Data entries
-- -- --
Lemma lin1_scalel (c : H -> K) (w : W) : linf c -> lin1 (fun x => c x *: w).
Proof. by move=> Lc a x y; rewrite Lc scalerDl scalerA. Qed.

Lemma linf_mulr (c : H -> K) (k : K) : linf c -> linf (fun x => c x * k).
Proof. by move=> Lc a x y; rewrite Lc mulrDl mulrA. Qed.

Lemma linf_mull (c : H -> K) (k : K) : linf c -> linf (fun x => k * c x).
Proof. by move=> Lc a x y; rewrite Lc mulrDr mulrCA. Qed.

End Linearity.

Lemma bilin_comp_mull (K : fieldType) (H W : lmodType K) (f : H -> H -> W) (m : H -> H -> H) (a : H) :
  bilin f -> bilin m -> bilin (fun x y => f x (m a y)).
Proof. by move=> Bf Bm; split=> [y|x]; [exact: Bf.1 | exact: lin1_comp (Bf.2 x) (Bm.2 a)]. Qed.

Lemma bilin_comp_mulr (K : fieldType) (H W : lmodType K) (f : H -> H -> W) (m : H -> H -> H) (a : H) :
  bilin f -> bilin m -> bilin (fun x y => f (m x a) y).
Proof. by move=> Bf Bm; split=> [y|x]; [exact: lin1_comp (Bf.1 y) (Bm.1 a) | exact: Bf.2]. Qed.

Section Sweedler.
Variables (K : fieldType) (H : lmodType K) (Delta : H -> seq (H * H)).

Definition delta_linear : Prop :=
  forall (W : lmodType K) (f : H -> H -> W), bilin f ->
    lin1 (fun h => \sum_(p <- Delta h) f p.1 p.2).

Definition coassociative : Prop :=
  forall (W : lmodType K) (g : H -> H -> H -> W), trilin g -> forall h,
    \sum_(p <- Delta h) \sum_(q <- Delta p.1) g q.1 q.2 p.2 =
    \sum_(p <- Delta h) \sum_(q <- Delta p.2) g p.1 q.1 q.2.

(* [F] is linear in each entry of lists of size [n.+1]. *)
Definition multilin (W : lmodType K) (n : nat) (F : seq H -> W) : Prop :=
  forall l r, (size l + size r = n)%N -> lin1 (fun x => F (l ++ x :: r)).

Lemma multilin_cons (W : lmodType K) n (F : seq H -> W) a :
  multilin n.+1 F -> multilin n (fun t => F (a :: t)).
Proof. by move=> MF l r Hs; apply: (MF (a :: l) r); rewrite /= addSn Hs. Qed.

Lemma sw_cons (W : lmodType K) n h (F : seq H -> W) :
  \sum_(t <- sw Delta n.+1 h) F t =
  \sum_(p <- Delta h) \sum_(t <- sw Delta n p.2) F (p.1 :: t).
Proof. by rewrite /= big_allpairs_dep. Qed.

Lemma sw1_sum (W : lmodType K) h (F : seq H -> W) :
  \sum_(t <- sw Delta 1 h) F t = \sum_(p <- Delta h) F [:: p.1; p.2].
Proof. by rewrite sw_cons; apply: eq_bigr => p _; rewrite big_seq1. Qed.

Lemma sw_size n h t : t \in sw Delta n h -> size t = n.+1.
Proof.
elim: n h t => [|n IH] h t /=; first by rewrite mem_seq1 => /eqP ->.
by case/allpairsPdep => p [u [_ Hu ->]] /=; rewrite (IH _ _ Hu).
Qed.

(* Exposes the legs of a Sweedler tuple, so that [t`_i] computes on the result. *)
Lemma sw_legs n h t : t \in sw Delta n h -> t = [seq t`_i | i <- iota 0 n.+1].
Proof. by move/sw_size=> Ht; rewrite -{1}(mkseq_nth 0 t) /mkseq Ht. Qed.

Hypothesis Delta_lin : delta_linear.

Lemma sw_lin (W : lmodType K) n (F : seq H -> W) :
  multilin n F -> lin1 (fun h => \sum_(t <- sw Delta n h) F t).
Proof.
elim: n F => [|n IH] F MF.
  by move=> a x y /=; rewrite !big_seq1; exact: (MF [::] [::]).
have BF : bilin (fun a b => \sum_(t <- sw Delta n b) F (a :: t)).
  split=> [b|a]; last by apply: IH; exact: multilin_cons.
  by apply: lin1_big => t Ht; apply: (MF [::] t); rewrite (sw_size Ht).
by move=> a x y; rewrite !sw_cons; exact: (Delta_lin BF a x y).
Qed.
-- -- --
▶ What you will do
Repeat the entries verbatim through the line with "Proof. by rewrite sw_cons;".

▶ Expected answer
Lemma lin1_scalel (c : H -> K) (w : W) : linf c -> lin1 (fun x => c x *: w).
Proof. by move=> Lc a x y; rewrite Lc scalerDl scalerA. Qed.

Lemma linf_mulr (c : H -> K) (k : K) : linf c -> linf (fun x => c x * k).
Proof. by move=> Lc a x y; rewrite Lc mulrDl mulrA. Qed.

Lemma linf_mull (c : H -> K) (k : K) : linf c -> linf (fun x => k * c x).
Proof. by move=> Lc a x y; rewrite Lc mulrDr mulrCA. Qed.

End Linearity.

Lemma bilin_comp_mull (K : fieldType) (H W : lmodType K) (f : H -> H -> W) (m : H -> H -> H) (a : H) :
  bilin f -> bilin m -> bilin (fun x y => f x (m a y)).
Proof. by move=> Bf Bm; split=> [y|x]; [exact: Bf.1 | exact: lin1_comp (Bf.2 x) (Bm.2 a)]. Qed.

Lemma bilin_comp_mulr (K : fieldType) (H W : lmodType K) (f : H -> H -> W) (m : H -> H -> H) (a : H) :
  bilin f -> bilin m -> bilin (fun x y => f (m x a) y).
Proof. by move=> Bf Bm; split=> [y|x]; [exact: lin1_comp (Bf.1 y) (Bm.1 a) | exact: Bf.2]. Qed.

Section Sweedler.
Variables (K : fieldType) (H : lmodType K) (Delta : H -> seq (H * H)).

Definition delta_linear : Prop :=
  forall (W : lmodType K) (f : H -> H -> W), bilin f ->
    lin1 (fun h => \sum_(p <- Delta h) f p.1 p.2).

Definition coassociative : Prop :=
  forall (W : lmodType K) (g : H -> H -> H -> W), trilin g -> forall h,
    \sum_(p <- Delta h) \sum_(q <- Delta p.1) g q.1 q.2 p.2 =
    \sum_(p <- Delta h) \sum_(q <- Delta p.2) g p.1 q.1 q.2.

(* [F] is linear in each entry of lists of size [n.+1]. *)
Definition multilin (W : lmodType K) (n : nat) (F : seq H -> W) : Prop :=
  forall l r, (size l + size r = n)%N -> lin1 (fun x => F (l ++ x :: r)).

Lemma multilin_cons (W : lmodType K) n (F : seq H -> W) a :
  multilin n.+1 F -> multilin n (fun t => F (a :: t)).
Proof. by move=> MF l r Hs; apply: (MF (a :: l) r); rewrite /= addSn Hs. Qed.

Lemma sw_cons (W : lmodType K) n h (F : seq H -> W) :
  \sum_(t <- sw Delta n.+1 h) F t =
  \sum_(p <- Delta h) \sum_(t <- sw Delta n p.2) F (p.1 :: t).
Proof. by rewrite /= big_allpairs_dep. Qed.

Lemma sw1_sum (W : lmodType K) h (F : seq H -> W) :
  \sum_(t <- sw Delta 1 h) F t = \sum_(p <- Delta h) F [:: p.1; p.2].
Proof. by rewrite sw_cons; apply: eq_bigr => p _; rewrite big_seq1. Qed.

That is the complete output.